This vulnerability (CVE-2026-6722) involves a use-after-free condition in the PHP SOAP extension's object deduplication mechanism. Specifically, when processing apache:Map nodes with duplicate keys, the second entry overwrites the first in a temporary result map, freeing the original PHP object without updating reference counts. Subsequent references to the freed object can lead to dangling pointers. Because PHP string allocations may reuse the freed memory, an attacker who can control the SOAP request body can exploit this to achieve remote code execution. The affected PHP versions are 8.2.* before 8.2.31, 8.3.* before 8.3.31, 8.4.* before 8.4.21, and 8.5.* before 8.5.6. The vulnerability is classified under CWE-416 (Use After Free) and has a critical CVSS score of 9.5.

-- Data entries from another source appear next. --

Lemma separates_supports_cover_free (R : realFieldType) (m n k : nat)
    (A : 'M[R]_(m, n)) :
  separates_supports k.+1 A ->
  cover_free (fun j => supp (col j A)) k [set: 'I_m] [set: 'I_n].
Proof.
move=> sep S j _ cardS _ jS; rewrite finset.setIT.
have [r [vanish Arj]] := separates_supports_exists_row sep cardS jS.
apply/negP => /fintype.subsetP /(_ r); rewrite inE mxE Arj => /(_ isT).
by case/finset.bigcupP => s sS; rewrite inE mxE vanish ?eqxx.
Qed.

Lemma separates_supports_card_le (R : realFieldType) (m n k t : nat)
    (A : 'M[R]_(m, n)) :
  separates_supports k.+1 A -> (2 * m <= t * (k * k.+1))%N ->
  (n <= k + \sum_(i < t.+1) 'C(m, i))%N.
Proof.
move=> sep; have := cover_free_card_le (t := t) (separates_supports_cover_free sep).
by rewrite card_draws_le !cardsT !card_ord.
Qed.

Lemma separates_supports_binomial_bound (R : realFieldType) (m n k : nat)
    (A : 'M[R]_(m, n)) :
  (2 <= k)%N -> (k ^ 2 <= n)%N -> separates_supports k A ->
  exists t, [/\ (0 < t)%N, (n <= 2 * \sum_(i < t.+1) 'C(m, i))%N,
              (m + t <= t * k ^ 2)%N & (k ^ 2 * (1 + 4 * t) <= 36 * m)%N].
Proof.
case: k => [|d] // d_gt0 kn sep.
have d_lt : (d * d.+1 < 2 * m)%N.
  rewrite ltnNge; apply/negP => md.
  have := separates_supports_card_le sep (_ : 2 * m <= 1 * (d * d.+1))%N.
  by rewrite mul1n big_ord_recr big_ord1 /= bin0 bin1 => /(_ md); nia.
have [t t_gt t_le] : exists2 t,
    (2 * m < t * (d * d.+1))%N & (t * (d * d.+1) <= 2 * m + d * d.+1)%N.
  exists ((2 * m) %/ (d * d.+1)).+1; first by apply: ltn_ceil; nia.
  by have := leq_trunc_div (2 * m) (d * d.+1); rewrite mulSn; lia.
have n_le := separates_supports_card_le sep (ltnW t_gt).
case: t t_gt t_le n_le => [|t] // t_gt t_le n_le.
have sum_ge : (m.+1 <= \sum_(i < t.+2) 'C(m, i))%N.
  by rewrite !big_ord_recl bin0 bin1; lia.
have d_lt_m : (d < m)%N by nia.
have sq_le : (d.+1 ^ 2 <= 2 * (d * d.+1))%N by nia.
have t_sq : (t.+1 * d.+1 ^ 2 <= 2 * (t.+1 * (d * d.+1)))%N by nia.
exists t.+1; split; lia.
Qed.

Lemma sum_binomial_le (R : realType) (m t : nat) : (0 < t)%N ->
  (\sum_(i < t.+1) 'C(m, i))%:R <= expR t%:R * ((m + t)%:R / t%:R) ^+ t :> R.
Proof.
move=> t_gt0.
have t_pos : (0 : R) < t%:R by rewrite ltr0n.
pose x : R := t%:R / (m + t)%:R.
have x_gt0 : 0 < x by rewrite divr_gt0 // ltr0n addn_gt0 t_gt0 orbT.
have x_le1 : x <= 1.
  by rewrite ler_pdivrMr ?ltr0n ?addn_gt0 ?t_gt0 ?orbT // mul1r ler_nat leq_addl.
have head_le : (\sum_(i < t.+1) 'C(m, i))%:R * x ^+ t <= (1 + x) ^+ m.
  rewrite natr_sum mulr_suml addrC exprD1n.
  rewrite (big_ord_widen (m + t).+1 (fun i => x ^+ i *+ 'C(m, i))) ?ltnS ?leq_addr //.
  rewrite (big_ord_widen (m + t).+1 (fun i => 'C(m, i)%:R * x ^+ t)) ?ltnS ?leq_addl //.
  rewrite big_mkcond [leRHS]big_mkcond; apply: ler_sum => i _.
  case: ifP => [it|_]; last by case: ifP => // _; rewrite mulrn_wge0 // exprn_ge0 // ltW.
  case: ifP => [_|/negbT]; last first.
    by rewrite -ltnNge ltnS => mi; rewrite bin_small ?mul0r.
  by rewrite -[leRHS]mulr_natl ler_wpM2l // ler_wiXn2l // ?ltW // -ltnS.
have exp_le : (1 + x) ^+ m <= expR t%:R.
  apply: le_trans (_ : expR x ^+ m <= _).
    by apply: lerXn2r; rewrite ?nnegrE ?expR_ge1Dx ?expR_ge0 ?addr_ge0 ?ltW.
  rewrite -expRM_natl ler_expR /x mulrA ler_pdivrMr ?ltr0n ?addn_gt0 ?t_gt0 ?orbT //.
  by rewrite -!natrM ler_nat; nia.
have -> : (m + t)%:R / t%:R = x^-1 by rewrite /x invf_div.
rewrite exprVn ler_pdivlMr ?exprn_gt0 //.
exact: le_trans head_le exp_le.
Qed.

Lemma half_le_ln (R : realType) (x : R) : 2 <= x -> 2^-1 <= ln x.
Proof.
move=> x2; apply: le_trans (_ : ln 2 <= _); last by rewrite ler_ln ?posrE //; lra.
have := @le_ln1Dx R (- 2^-1); rewrite (_ : 1 - 2^-1 = 2^-1 :> R); last by field.
by rewrite lnV ?posrE //; lra.
Qed.

Lemma ln_le_of_binomial_bound (R : realType) (n k m t : nat) :
  (0 < n)%N -> (2 <= k)%N -> (0 < t)%N ->
  (n <= 2 * \sum_(i < t.+1) 'C(m, i))%N -> (m + t <= t * k ^ 2)%N ->
  ln (n%:R : R) <= ln (k%:R : R) * (1 + 4 * t%:R).
Proof.
move=> n_gt0 k2 t_gt0 n_le mt.
set s := (\sum_(i < t.+1) 'C(m, i))%N in n_le.
have k2R : (2 : R) <= k%:R by rewrite (ler_nat _ 2).
have half := half_le_ln k2R.
have s_gt0 : (0 < s)%N by move: n_gt0 n_le; lia.
have ln_n : ln (n%:R : R) <= ln 2 + ln (s%:R : R).
  rewrite -lnM ?posrE ?ltr0n // ler_ln ?posrE ?mulr_gt0 ?ltr0n //.
  by rewrite -(natrM R 2) ler_nat.
have q_gt0 : (0 : R) < (m + t)%:R / t%:R.
  by rewrite divr_gt0 ?ltr0n // addn_gt0 t_gt0 orbT.
have ln_s : ln (s%:R : R) <= t%:R + t%:R * ln ((m + t)%:R / t%:R : R).
  have := sum_binomial_le R m t_gt0.
  rewrite -/s -ler_ln ?posrE ?ltr0n ?mulr_gt0 ?expR_gt0 ?exprn_gt0 //.
  by rewrite lnM ?posrE ?expR_gt0 ?exprn_gt0 // expRK lnXn // [t%:R * _]mulr_natl.
have ln_q : ln ((m + t)%:R / t%:R : R) <= 2 * ln (k%:R : R).
  have k_gt0 : (0 : R) < k%:R by rewrite (lt_le_trans _ k2R).
  rewrite [2 * _]mulr_natl -lnXn // ler_ln ?posrE ?exprn_gt0 //.
  by rewrite ler_pdivrMr ?ltr0n // -natrX -natrM ler_nat mulnC.
have ln2_le : ln (2 : R) <= ln (k%:R : R).
  by rewrite ler_ln ?posrE // (lt_le_trans _ k2R).
have t_pos : (0 : R) <= t%:R by [].
nra.
Qed.

Unset Implicit Arguments. Set Strict Implicit.

Theorem theorem2 (R : realType) :
  exists c : R, 0 < c /\
    forall (n k m : nat) (A : 'M[R]_(m, n)),
      (2 <= k)%N -> (k ^ 2 <= n)%N ->
      separates_supports k A ->
      c * (k ^ 2)%:R * ln (n%:R : R) / ln (k%:R : R) <= m%:R.
Proof.
exists 36^-1; split => // n k m A k2 kn sep.
have [t [t_gt0 n_le mt km]] := separates_supports_binomial_bound k2 kn sep.
have n_gt0 : (0 < n)%N by apply: leq_trans kn; rewrite expn_gt0; lia.
have ln_n := ln_le_of_binomial_bound R n_gt0 k2 t_gt0 n_le mt.
have ln_k : (0 : R) < ln k%:R by rewrite ln_gt0 // ltr1n.
have kmR : (k ^ 2)%:R * (1 + 4 * t%:R) <= 36 * m%:R :> R.
  by move: km; rewrite -(ler_nat R) !natrM natrD natrM.
rewrite ler_pdivrMr //.
have := ler_wpM2l (ler0n R (k ^ 2)) ln_n.
have := ler_wpM2r (ltW ln_k) kmR.
nra.
Qed.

Successful exploitation of this vulnerability can lead to remote code execution on affected PHP installations. This poses a critical risk as it allows an unauthenticated attacker to execute arbitrary code by sending crafted SOAP requests. The vulnerability affects multiple recent PHP versions, increasing the potential attack surface. There are no known exploits in the wild at the time of this report.

Patch status is not yet confirmed — check the vendor advisory for current remediation guidance. Since no official patch or remediation level is provided in the available data, users should monitor the PHP Group's advisories for updates. Until a fix is available, consider disabling the SOAP extension if it is not required or restricting access to SOAP endpoints to trusted users only to reduce exposure.